Мамалыга знал, что речь идет о Покровском. За три месяца от каникул это было уже третье самоубийство в среде учащихся: в августе отравилась епархиалка, не выдержавшая переэкзаменовки, недавно бросился с моста маленький гимназистик Второй гимназии, наказанный за подчистку в бальнике, и вот — Покровский… Обвиняют, конечно, учителей, школьный режим. И Мамалыга думал, что, наверно, толстый доктор и гимназист глядят ему в спину взглядом ненависти, — оба, конечно, считают виновным в смерти Покровского и его. А у него с Покровским и столкновений-то никогда не было. Учился он удовлетворительно, хотя возбуждал некоторые подозрения, — был всегда как-то замкнут и серьезен, — но замечен ни в чем не был.
— Говорят, его учитель какой-то доехал… — услышал опять Мамалыга. Говорил доктор.
«Ну, конечно! Как же иначе?» — чуть не сказал было Мамалыга, но удержался, потому что гимназист ответил:
— Нет. Это неверно…
Обвинение было в порядке вещей, пора было привыкнуть к нему, но Мамалыга всякий раз чувствовал, как раздражение неудержимой волной заливает ему сердце, и на язык просятся площадные ругательства. Ругаться он умел.
В годы революции его беспощадно травили ученики, травили родители, хотели выжить из гимназии. Но он не поддался, удержал позицию. Боевой ораторский пыл выдвинул его на видное место в местной патриотической организации — «Общество добровольной народной охраны». Он стал не только известен, но и близок к губернским властям, архиерей самолично сделал ему визит, и после этого даже директор стал у него заискивать. Мамалыга почувствовал свою силу, утвердился в мысли, что его призвание — стоять на страже исконных начал и порядка, и с тех пор беспрерывно кипел зудом обличительных схваток.
Теперь ему очень хотелось обернуться к этому толстому, пыхтящему доктору, отчитать его хорошенько и — пусть потом ходят анекдоты в городе о нем, Мамалыге!..

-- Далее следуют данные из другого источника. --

Lemma clamp_sqr_le a b x w : a <= w <= b ->
  (clamp a b x - x) ^+ 2 + (w - clamp a b x) ^+ 2 <= (w - x) ^+ 2.
Proof.
move=> /andP[aw wb]; rewrite /clamp.
have [xb|bx] := leP x b.
  have [ax|xa] := leP a x; last by nra.
  by rewrite subrr expr0n add0r.
have -> : Num.max a b = b by apply/max_idPr/(le_trans aw).
nra.
Qed.

Lemma clamp_dist_le a b x w : a <= w <= b -> `|clamp a b x - w| <= `|x - w|.
Proof.
move=> /(clamp_sqr_le x) h; rewrite -ler_sqr ?nnegrE// !real_normK ?num_real//.
by rewrite -sqrrN opprB -(sqrrN (x - w)) opprB; have := sqr_ge0 (clamp a b x - x); lra.
Qed.

Lemma argmin_onE n (S : set (n.-tuple R)) (L : n.-tuple R -> R) u :
  S u -> (forall w, S w -> L u <= L w) -> (forall w, S w -> L w <= L u -> w = u) ->
  argmin_on S L = u.
Proof.
move=> Su umin uniq; apply: xget_unique; first by split.
by move=> w [Sw wmin]; exact: uniq _ Sw (wmin _ Su).
Qed.

Lemma projU_box n (a b v : n.-tuple R) : (forall i, tnth a i <= tnth b i) ->
  projU (box a b) v = clamp_tuple a b v.
Proof.
move=> ab; set c := clamp_tuple a b v.
have tnth_c i : tnth c i = clamp (tnth a i) (tnth b i) (tnth v i) by rewrite tnth_mktuple.
have pyth w : box a b w -> vnorm2 (vsub c v) + vnorm2 (vsub w c) <= vnorm2 (vsub w v).
  move=> wab; rewrite -big_split; apply: ler_sum => i _.
  by rewrite !tnth_vsub tnth_c clamp_sqr_le.
apply: argmin_onE => [i|w wab|w wab].
- by rewrite tnth_c clamp_itv.
- rewrite /vnorm ler_sqrt ?vnorm2_ge0//; apply: le_trans (pyth w wab).
  by rewrite lerDl vnorm2_ge0.
- rewrite /vnorm ler_sqrt ?vnorm2_ge0// => wc.
  have wc0 : vnorm2 (vsub w c) = 0.
    by apply/eqP; rewrite eq_le vnorm2_ge0 andbT; have := pyth w wab; lra.
  apply: eq_from_tnth => i; apply/eqP; rewrite -subr_eq0 -sqrf_eq0 -tnth_vsub.
  by apply/eqP/(psumr_eq0P _ wc0) => // j _; exact: sqr_ge0.
Qed.

Lemma projU_box_dist_le n (a b v w : n.-tuple R) : box a b w ->
  forall i, `|tnth (projU (box a b) v) i - tnth w i| <= `|tnth v i - tnth w i|.
Proof.
move=> wab i; have ab j : tnth a j <= tnth b j by case/andP: (wab j); exact: le_trans.
by rewrite projU_box// tnth_mktuple clamp_dist_le.
Qed.

Definition box_radius n (a b : n.-tuple R) := \sum_(i < n) (`|tnth a i| + `|tnth b i|).

Lemma box_coord_le n (a b u : n.-tuple R) i : box a b u -> `|tnth u i| <= box_radius a b.
Proof.
move=> /(_ i) /andP[au ub]; apply: (@le_trans _ _ (`|tnth a i| + `|tnth b i|)).
  have := ler_norm (tnth b i); have := ler_norm (- tnth a i); rewrite normrN ler_norml.
  by have := normr_ge0 (tnth a i); have := normr_ge0 (tnth b i); lra.
rewrite /box_radius (bigD1 i)//= lerDl; apply: sumr_ge0 => j _; exact: addr_ge0.
Qed.

End EuclideanTuples.

Section Regularity.
Context {R : realType}.

Lemma LcostE m d (Phis : m.-tuple R -> m.-tuple R) (Fc : 'M[R]_(m, d)) nu x xr u :
  Lcost Phis Fc nu x xr u =
  \sum_(i < m) (tnth (Phis x) i + \sum_(j < d) Fc i j * tnth u j - tnth xr i) ^+ 2
  + nu * \sum_(i < d) tnth u i ^+ 2.
Proof.
by congr (_ + _); apply: eq_bigr => i _; rewrite tnth_vsub tnth_vadd tnth_mktuple.
Qed.

Lemma measurable_sum_ord (dT : measure_display) (T : measurableType dT) k
  (h : 'I_k -> T -> R) : (forall i, measurable_fun setT (h i)) ->
  measurable_fun setT (fun t => \sum_(i < k) h i t).
Proof.
move=> mh; under eq_fun do rewrite -big_enum /=; exact: measurable_sum.
Qed.

Lemma measurable_vnorm2_sub n (v : n.-tuple R) :
  measurable_fun setT (fun t : n.-tuple R => vnorm2 (vsub t v)).
Proof.
have -> : (fun t : n.-tuple R => vnorm2 (vsub t v)) =
    (fun t => \sum_(i < n) (tnth t i - tnth v i) ^+ 2).
  by apply: funext => t; apply: eq_bigr => i _; rewrite tnth_vsub.
apply: measurable_sum_ord => i; apply: measurable_funX.
by apply: measurable_funB => //; exact: measurable_tnth.
Qed.

Lemma measurable_Lcost m d (Phis : m.-tuple R -> m.-tuple R) (Fc : 'M[R]_(m, d))
  nu x xr : measurable_fun setT (Lcost Phis Fc nu x xr).
Proof.
rewrite (funext (LcostE Phis Fc nu x xr)).
have mcoord i : measurable_fun setT (fun t : d.-tuple R => tnth t i) by exact: measurable_tnth.
apply: measurable_funD.
  apply: measurable_sum_ord => i; apply: measurable_funX.
  apply: measurable_funB => //; apply: measurable_funD => //.
  by apply: measurable_sum_ord => j; apply: measurable_funM.
apply: measurable_funM => //.
by apply: measurable_sum_ord => i; exact: measurable_funX.
Qed.

Lemma measurable_eball n (v : n.-tuple R) r : 0 < r -> measurable (eball v r).
Proof.
move=> r0; have -> : eball v r = (fun t => vnorm2 (vsub t v)) @^-1` `]-oo, r ^+ 2[.
  by apply/seteqP; split => t; rewrite /= in_itv /= => /eballE-/(_ r0).
by rewrite -[_ @^-1` _]setTI; exact: measurable_vnorm2_sub.
Qed.

Lemma measurable_coord_set n (A : 'I_n -> set R) : (forall i, measurable (A i)) ->
  measurable [set t : n.-tuple R | forall i, A i (tnth t i)].
Proof.
move=> mA; have -> : [set t : n.-tuple R | forall i, A i (tnth t i)] =
    \bigcap_(i in [set: 'I_n]) ((fun t => tnth t i) @^-1` A i).
  by apply/seteqP; split => t /= tA i => [_|]; exact: tA.
apply: fin_bigcap_measurable => // i _.
by rewrite -[_ @^-1` _]setTI; exact: measurable_tnth.
Qed.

— Ну, прекрасно! Это мы доезжаем всех этих юнцов, — мысленно уже громил он доктора. — Мы угнетаем их бессердечием, бездушным формализмом, жестокостью, несправедливостью. Не какая-нибудь там егозa-вертихвостка, не благоприобретенная болезнь, а мы, бессердечные тираны и изверги, наносим раны юным сердцам… Сгущаем духоту воздуха, — нечем дышать молодому поколению: глухи к их порывам, надрывам, запросам, вопросам… Пусть мы… Но вот десятки горничных, швеек, чернорабочих, приказчиков ежедневно глотают уксусную эссенцию, бросаются под поезда, вешаются, режутся — их тоже мы посылаем на смерть? А вы, господа благополучные обыватели, тут ни при чем? Почему вы об этом молчите? Кто им издергал нервы, потушил свет, лишил веры в Бога, довел до отчаяния?..

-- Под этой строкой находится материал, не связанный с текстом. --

Lemma visits_disjoint v a b v' a' b' :
  visits v a b -> visits v' a' b' -> v != v' -> b < a' \/ b' < a.
Proof.
have exit_before m n u c u' c' : m < n -> n < size J ->
    nth t0 J m.+1 = (Some u, None, c) -> nth t0 J n = (None, Some u', c') -> c < c'.
  move=> lt_mn n_lt em en; have neq : m.+1 != n by apply: contraPneq em => ->; rewrite en.
  have := exploration_lab_lt (m := m.+1) (n := n); rewrite em en; apply=> //.
  by rewrite ltn_neqAle neq.
move=> [k k1_lt [ek ek1]] [k' k1_lt' [ek' ek1']] neq_v.
case: (ltngtP k k') => [lt|lt|eq_kk'].
- by left; apply: exit_before ek1 ek' => //; exact: ltnW.
- by right; apply: exit_before ek1' ek => //; exact: ltnW.
- by move: ek'; rewrite -eq_kk' ek => -[eq_v]; rewrite eq_v eqxx in neq_v.
Qed.

Definition first_entry (v : V) : nat :=
  tlab (nth t0 J (find (fun t => ttgt t == Some v) J)).

Lemma explored_first_visit v : explored J v -> exists b, visits v (first_entry v) b.
Proof.
case/existsP=> i /existsP[j /and5P[_ _ /eqP tgt_i _ _]].
have has_entry : has (fun t => ttgt t == Some v) J.
  by apply/hasP; exists (nth t0 J i); rewrite ?mem_nth ?tgt_i.
apply: entry_visits; first by rewrite -has_find.
exact/eqP/(nth_find t0 has_entry).
Qed.

End StarExplorations.

Arguments trip_before {V}.

Section Reduction.
Variables (p : nat) (F : formula).
Hypothesis F_wf : wf_3sat3 p F.
Local Notation q := (size F).
Local Notation V := (leafT p q).
Local Notation L := (star_labels (p:=p) (F:=F)).

Lemma occurrences_bounds (k : 'I_p) : 1 <= npos F k.+1 <= 2 /\ nneg F k.+1 = 1.
Proof.
case: F_wf => _ /(_ k.+1); rewrite ltn_ord => /(_ isT) [].
set a := npos F k.+1; set b := nneg F k.+1 => le3 a_gt0 b_gt0 sum3 sum2.
have [/eqP/sum3[-> ->]|ne3] // := boolP (a + b == 3).
have [/eqP/sum2[-> ->]|ne2] // := boolP (a + b == 2).
lia.
Qed.

Lemma sum_clauses_count (P : pred clause) : \sum_(j < q) P (nth [::] F j) = count P F.
Proof.
rewrite -sum1_count (big_nth [::]) big_mkcond big_mkord [RHS]big_mkcond /=.
by apply: eq_bigr => j _; case: (P _).
Qed.

Lemma lit_labels_pos j i l : l \in lit_labels F j (i, true) ->
  l \in [:: 50 * i - 12; 50 * i - 9; 50 * i - 8; 50 * i - 5].
Proof. by rewrite /lit_labels /=; case: ifP => _; rewrite !inE => /orP[] ->; rewrite ?orbT. Qed.

Lemma lit_labels_near j i b l :
  l \in lit_labels F j (i, b) -> 50 * i - 12 <= l <= 50 * i + 11.
Proof. by rewrite /lit_labels /=; case: b; [case: ifP => _|]; rewrite !inE; lia. Qed.

Lemma clause_label_cases j i b l : 0 < i -> (i, b) \notin nth [::] F j ->
  l \in clause_labels F j -> 50 * i - 12 <= l ->
  l \in lit_labels F j (i, ~~ b) \/ 50 * i + 38 <= l.
Proof.
move=> i_gt0 ib_notin /flatten_mapP[[i' b'] ib'_in l_in] l_ge.
have l_near_i' := lit_labels_near l_in.
case: (ltngtP i' i) => [lt_i'i|lt_ii'|eq_i].
- by move: l_near_i' l_ge lt_i'i i_gt0; clear; lia.
- by right; move: l_near_i' lt_ii'; clear; lia.
left; subst i'.
suff -> : b = ~~ b' by rewrite negbK.
by case: b b' ib_notin ib'_in {l_in l_near_i'} => [] [] // /negPf ->.
Qed.

Lemma expl_size_split (s : seq (tedge V)) : expl_size s =
  \sum_(k < p) explored s (e_ k) + \sum_(k < p) explored s (e'_ k)
  + \sum_(k < p) explored s (e''_ k) + \sum_(j < q) explored s (ec_ j).
Proof.
rewrite /expl_size -sum1_card big_mkcond /= !big_sumType /=.
by congr (_ + _ + _ + _); apply: eq_bigr => v _; rewrite inE.
Qed.

Definition satisfies (s : {ffun 'I_p -> bool}) (j : 'I_q) : bool :=
  [exists k : 'I_p, (k.+1, s k) \in nth [::] F j].

Definition nsat (s : {ffun 'I_p -> bool}) : nat := \sum_(j < q) satisfies s j.

Section UpperBound.
Variable J : seq (tedge V).
Hypothesis J_expl : exploration L J.

Definition missing (k : 'I_p) : nat :=
  ~~ explored J (e_ k) + ~~ explored J (e'_ k) + ~~ explored J (e''_ k).

Definition window (j : 'I_q) : nat := (first_entry J (ec_ j) + 12) %/ 50.

Definition charged (k : 'I_p) (b : bool) (j : 'I_q) : bool :=
  [&& explored J (ec_ j), window j == k.+1,
      (k.+1, ~~ b) \in nth [::] F j & (k.+1, b) \notin nth [::] F j].

Definition induced_assignment : {ffun 'I_p -> bool} :=
  [ffun k => \sum_(j < q) charged k true j <= missing k].

Lemma clause_visit_in_window (j : 'I_q) i b c :
  0 < i -> (i, b) \notin nth [::] F j ->
  visits J (ec_ j) (first_entry J (ec_ j)) c -> window j = i ->
  first_entry J (ec_ j) \in lit_labels F j (i, ~~ b) /\
  (c \in lit_labels F j (i, ~~ b) \/ 50 * i + 38 <= c).
Proof.
rewrite /window => i_gt0 ib_notin /(visits_labels J_expl)[/= a_in c_in lt_ac].
set a := first_entry _ _ => win_a.
have a_ge : 50 * i - 12 <= a by move: win_a; clear; lia.
have [//|a_far] := clause_label_cases i_gt0 ib_notin a_in a_ge.
  split=> //; apply: clause_label_cases => //; exact: leq_trans a_ge (ltnW lt_ac).
by move: win_a a_far; clear; lia.
Qed.

Lemma missing_eq0 k :
  (missing k == 0) = [&& explored J (e_ k), explored J (e'_ k) & explored J (e''_ k)].
Proof. by rewrite /missing; do 3!case: (explored _ _). Qed.

Lemma visits_e' k a b : visits J (e'_ k) a b -> a = 50 * k.+1 /\ b = 50 * k.+1 + 1.
Proof. by case/(visits_labels J_expl); rewrite /= !inE; lia. Qed.

Lemma visits_e'' k a b : visits J (e''_ k) a b -> a = 50 * k.+1 + 15 /\ b = 50 * k.+1 + 16.
Proof. by case/(visits_labels J_expl); rewrite /= !inE; lia. Qed.

(* A clause containing [~ x_i] but not [x_i], entered in the window of [x_i], is visited
   during [(50i+8, 50i+11)]; the only visit of [e_i] avoiding it and [e_i'] is the early one. *)
Lemma charged_true_visit_e k jn : missing k = 0 -> charged k true jn ->
  visits J (e_ k) (50 * k.+1 - 10) (50 * k.+1 - 7).
Proof.
move/eqP; rewrite missing_eq0 => /and3P[ex_e ex_e' ex_e''].
case/and4P=> ex_n /eqP win_n _ n_not_pos.
have [b1 vis1] := explored_first_visit J_expl ex_e.
have [b2 /[dup] vis2 /visits_e'[a2E b2E]] := explored_first_visit J_expl ex_e'.
have [b3 /[dup] vis3 /visits_e''[a3E b3E]] := explored_first_visit J_expl ex_e''.
have [b4 vis4] := explored_first_visit J_expl ex_n.
have [+ b4_in] := clause_visit_in_window (ltn0Sn k) n_not_pos vis4 win_n.
rewrite /lit_labels /= !inE in b4_in * => a4_in.
have [/= + + lt1] := visits_labels J_expl vis1; rewrite !inE => a1_in b1_in.
have [_ _ lt4] := visits_labels J_expl vis4.
have disj43 := visits_disjoint J_expl vis4 vis3 isT.
have disj14 := visits_disjoint J_expl vis1 vis4 isT.
have disj12 := visits_disjoint J_expl vis1 vis2 isT.
set a1 := first_entry J (e_ k) in vis1 a1_in lt1 disj12 disj14.
set a2 := first_entry J (e'_ k) in a2E disj12.
set a3 := first_entry J (e''_ k) in a3E disj43.
set a4 := first_entry J (ec_ jn) in a4_in lt4 disj43 disj14.
set i := k.+1 in a1_in b1_in a2E b2E a3E b3E a4_in b4_in *.
clearbody a1 a2 a3 a4 i.
have [a4E b4E] : a4 = 50 * i + 8 /\ b4 = 50 * i + 11.
  by clear -a4_in b4_in lt4 disj43 a3E b3E; lia.
have [a1E b1E] : a1 = 50 * i - 10 /\ b1 = 50 * i - 7.
  by clear -a1_in b1_in lt1 disj12 disj14 a2E b2E a4E b4E; lia.
by rewrite -a1E -b1E.
Qed.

Но он не обернулся и не сказал. Всю дорогу до гимназии он лишь чувствовал в своей спине пристальный взгляд ненависти.
— Вам что, милые люди, нужно? — глядя на знакомые, мелькавшие мимо вывески, едко спрашивал он неведомых оппонентов. — Вам документик нужен, бумажка, чтобы впоследствии потеплее устроиться. Все эти ваши разглагольствования о равенстве — тьфу, больше ничего! За ними бумажка, бумажка прежде всего!.. Не дают ее даром — у ваших детей неврастения, утеряна охота жить, интерес к жизни, как будто всю ее они уже обняли взором, изведали, испытали… Да, конечно, дети ваши осведомлены в разных тайнах не менее чем старики, но… почему тут школа, а не господа родители? Куда смотрели все эти комитеты? Бесконечные дебаты о горячих завтраках и — «нельзя ли отменить экзамены?»… Или: «Ах, моей дочери следует три, а учитель не так спрашивал и поставил двойку…», «Ах, моего сына лишили возможности наслаждаться искусством!». А его только и всего — вывели из кафешантана…

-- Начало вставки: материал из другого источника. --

Lemma last_coef_dist_le k (c : nat -> R[i]) m : (0 < k)%N -> M m ->
  cnorm (c k) * dist (u k) (setsum M (Vspan u k.-1))
    <= rnorm (\sum_(1 <= i < k.+1) c i *: u i - m).
Proof.
move=> k0 Mm; have [->|ck0] := eqVneq (c k) 0.
  by rewrite /cnorm normr0 mul0r Re_normr_ge0.
set S := \sum_(1 <= i < k) c i *: u i.
set w := (c k)^-1 *: (m - S).
have Mw : setsum M (Vspan u k.-1) w.
  exists ((c k)^-1 *: m), (- (c k)^-1 *: S); split; first exact: MZ.
  split; last by rewrite /w scaleNr scalerBr.
  by apply: VspanZ; exists c; rewrite prednK.
have -> : \sum_(1 <= i < k.+1) c i *: u i - m = c k *: (u k - w).
  by rewrite big_nat_recr //= /w scalerBr scalerA divff // scale1r opprB addrAC addrC.
by rewrite rnormZ ler_wpM2l ?Re_normr_ge0 ?dist_le_rnorm.
Qed.

Lemma coef_eq0_of_memM k (c : nat -> R[i]) :
  (forall j, (1 <= j <= k)%N -> 0 < dist (u j) (setsum M (Vspan u j.-1))) ->
  M (\sum_(1 <= i < k.+1) c i *: u i) -> forall j, (1 <= j <= k)%N -> c j = 0.
Proof.
elim: k c => [|k IH] c dist_gt0 Msum j jk; first by lia.
have ck : c k.+1 = 0.
  have := last_coef_dist_le (k := k.+1) c isT Msum.
  rewrite subrr /rnorm normr0 pmulr_lle0 ?dist_gt0 ?leqnn // => ck_le0.
  by apply/eqP; rewrite -Re_normr_eq0 eq_le ck_le0 Re_normr_ge0.
move: Msum; rewrite big_nat_recr //= ck scale0r addr0 => Msum.
have [->//|jk1] := eqVneq j k.+1.
apply: (IH c _ Msum j); first by move=> i ik; apply: dist_gt0; lia.
by lia.
Qed.

Lemma quot_dim_Vspan k :
  (forall j, (1 <= j <= k)%N -> 0 < dist (u j) (setsum M (Vspan u j.-1))) ->
  quot_dim_is (setsum M (Vspan u k)) M k.
Proof.
move=> dist_gt0; exists (fun i : 'I_k => u i.+1); split; [|split].
- move=> i; exists 0, (u i.+1); rewrite add0r; do 2!split=> //.
  by apply: Vspan_gen; rewrite /= ltn_ord.
- move=> c Mc i.
  pose c' j := if (insub j.-1 : option 'I_k) is Some l then c l else 0.
  have := @coef_eq0_of_memM k c' dist_gt0 _ i.+1; rewrite /c' /= valK; apply.
    by rewrite big_add1 big_mkord; under eq_bigr do rewrite /= valK.
  by rewrite /= ltn_ord.
- move=> b [m [v [Mm [[c ->] ->]]]]; exists (fun i : 'I_k => c i.+1).
  by rewrite big_add1 big_mkord addrK.
Qed.

End Subspace.

Section Estimates.
Variables (R : realType) (X : normedModType R[i]) (M : set X) (n : nat).
Variables (u : nat -> X) (delta : nat -> R).
Hypothesis M_subspace : lin_subspace M.
Hypothesis u_unit : forall k, (1 <= k <= n)%N -> `|u k| = 1.
Hypothesis delta_gt0 : forall k, (1 <= k <= n)%N -> 0 < delta k.
Hypothesis delta_le_dist : forall k, (1 <= k <= n)%N ->
  delta k <= dist (u k) (setsum M (Vspan u k.-1)).

Let M0 : M 0 := M_subspace.1.

Lemma delta_le1 k : (1 <= k <= n)%N -> delta k <= 1.
Proof.
move=> kn; apply: le_trans (delta_le_dist kn) _.
have S0 : setsum M (Vspan u k.-1) 0.
  by exists 0, 0; rewrite addr0; do 2!split=> //; exact: Vspan0.
by apply: le_trans (dist_le_rnorm _ S0) _; rewrite subr0 /rnorm u_unit.
Qed.

Lemma dist_span_gt0 k : (1 <= k <= n)%N -> 0 < dist (u k) (setsum M (Vspan u k.-1)).
Proof. by move=> kn; apply: lt_le_trans (delta_gt0 kn) (delta_le_dist kn). Qed.

Lemma rnorm_comb_le m (a : nat -> R[i]) : (0 < m)%N ->
  rnorm (\sum_(m <= i < n.+1) a i *: u i) <= \sum_(m <= i < n.+1) cnorm (a i).
Proof.
move=> m0; apply: le_trans (rnorm_sum _ _ _) _; apply: ler_sum_nat => i mi.
by rewrite rnormZ /rnorm u_unit ?mulr1 //; lia.
Qed.

Lemma coef_le_tail (a : nat -> R[i]) m k : M m -> (1 <= k <= n)%N ->
  cnorm (a k) * delta k
    <= rnorm (\sum_(1 <= i < n.+1) a i *: u i - m) + \sum_(k.+1 <= i < n.+1) cnorm (a i).
Proof.
move=> Mm kn; have /andP[k1 k_le_n] := kn.
apply: le_trans (ler_wpM2l (Re_normr_ge0 _) (delta_le_dist kn)) _.
apply: le_trans (last_coef_dist_le u M_subspace a k1 Mm) _.
have -> : \sum_(1 <= i < k.+1) a i *: u i - m =
    (\sum_(1 <= i < n.+1) a i *: u i - m) - \sum_(k.+1 <= i < n.+1) a i *: u i.
  by rewrite (@big_cat_nat _ _ _ k.+1 1 n.+1) //= addrAC addrK.
by apply: le_trans (rnormB _ _) _; rewrite lerD2l rnorm_comb_le.
Qed.

Lemma dist_comb_ge (a : nat -> R[i]) :
  Delta delta n 1 / n%:R * (\sum_(1 <= k < n.+1) cnorm (a k))
    <= dist (\sum_(1 <= k < n.+1) a k *: u k) M.
Proof.
apply: lb_le_dist => [|m Mm]; first by exists 0.
by apply: (Delta_mean_le delta_gt0 delta_le1) => [k|k _|];
  [exact: coef_le_tail | exact: Re_normr_ge0 | exact: Re_normr_ge0].
Qed.

Lemma Delta_mean_le1 : Delta delta n 1 / n%:R <= 1.
Proof.
have [->|n0] := posnP n; first by rewrite invr0 mulr0 ler01.
have nn : (1 <= n <= n)%N by rewrite n0 leqnn.
apply: (@le_trans _ _ (Delta delta n n)); last by rewrite Delta_nn delta_le1.
apply: le_trans (Delta1_le delta_gt0 delta_le1 nn).
by rewrite ler_pdivrMr ?ltr0n // ler_peMr ?ler1n ?(Delta_ge0 delta_gt0).
Qed.

Lemma gap_Vspan_ge : Delta delta n 1 / n%:R <= gap (Vspan u n) M.
Proof.
have Delta_mean_ge0 : 0 <= Delta delta n 1 / n%:R.
  by rewrite divr_ge0 ?(Delta_ge0 delta_gt0).
have VM0 : (Vspan u n `&` M) 0 by split; first exact: Vspan0.
have VM_trivial y : (Vspan u n `&` M) y -> y = 0.
  case=> [[c ->] Mc]; rewrite big_nat_cond big1 // => j /andP[jn _].
  by rewrite (coef_eq0_of_memM M_subspace dist_span_gt0 Mc jn) scale0r.
apply: gap_ge => [|v [_ nMv]|_ [[c ->] nMv]]; rewrite ?(dist_trivial _ VM0 VM_trivial).
- exact: Delta_mean_le1.
- by rewrite rnorm_gt0; apply: contraPneq nMv => ->.
- apply: le_trans (ler_wpM2l Delta_mean_ge0 (rnorm_comb_le (m := 1) c isT)) _.
  exact: dist_comb_ge.
Qed.

End Estimates.

Theorem lemma2p8 (R : realType) (X : completeNormedModType R[i])
  (M : set X) (n : nat) (u : nat -> X) (delta : nat -> R) :
  closed M -> lin_subspace M ->
  (forall k, (1 <= k <= n)%N -> `|u k| = 1) ->
  (forall k, (1 <= k <= n)%N -> 0 < delta k) ->
  (forall k, (1 <= k <= n)%N ->
     delta k <= dist (u k) (setsum M (Vspan u k.-1))) ->
  (forall k, (1 <= k <= n)%N -> delta k <= 1) /\
  (forall k, (k <= n)%N -> quot_dim_is (setsum M (Vspan u k)) M k) /\
  (forall a : nat -> R[i],
     Delta delta n 1 / n%:R * (\sum_(1 <= k < n.+1) cnorm (a k))
       <= dist (\sum_(1 <= k < n.+1) a k *: u k) M) /\
  Delta delta n 1 / n%:R <= gap (Vspan u n) M.
Proof.
move=> _ M_subspace u_unit delta_gt0 delta_le_dist.
split; first exact: delta_le1 M_subspace u_unit delta_le_dist.
split.
  move=> k kn; apply: (quot_dim_Vspan M_subspace) => j /andP[j1 jk].
  by apply: (dist_span_gt0 delta_gt0 delta_le_dist); rewrite j1 (leq_trans jk kn).
split; first exact: dist_comb_ge M_subspace u_unit delta_gt0 delta_le_dist.
exact: gap_Vspan_ge M_subspace u_unit delta_gt0 delta_le_dist.
Qed.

Мамалыга снял фуражку — проезжали мимо Спаса-Преображения — и несколько раз истово перекрестился. Осторожно оглянулся назад и поймал веселый, насмешливый взгляд гимназиста.
— А, пожалуй, знает, мерзавец! — подумал он, вспомнив о найденных в фуражке записочках. Да весь город, разумеется, знает, какого я дурака валял… Зубы будут скалить, кричать будут вслед…
IV
Коридоры гимназии были полны шумом, — перемена еще не кончилась. Толкались, бегали, катались по полу гимназистики-малыши. Визг прорезывал гулкую зыбь пестрых голосов, рассыпался звонкий смех. В пустом вестибюле, куда гимназистов не пускали, молодой шум отдавался, как летний буйный ливень, который бьет барабанную трель по железной крыше, шумит звонкими потоками из труб, плещет, шипит, стучит, звенит…
На лестнице, ведущей из нижнего этажа во второй, стоял и строго оглядывался по сторонам маленький, бородатый человек с выражением следопыта на лице, — инспектор. В руках у него была записная книжка, в вершине лысины торчал сердитый серый пушок. Вся фигура насторожилась, как бы приготовилась к прицелу…
— А вот, кстати, Егор Егорыч! — воскликнул он, увидев Мамалыгу, — тут вот помощник классных наставников Птахин довел до моего сведения, что вы обратили его внимание на Новицкого, третьего класса, будто бы он вчера в церкви читал газету…
— Всю обедню, — подтвердил Мамалыга тоном упрека.
— Газету?!
— Газету.
— Как же это я не заметил?..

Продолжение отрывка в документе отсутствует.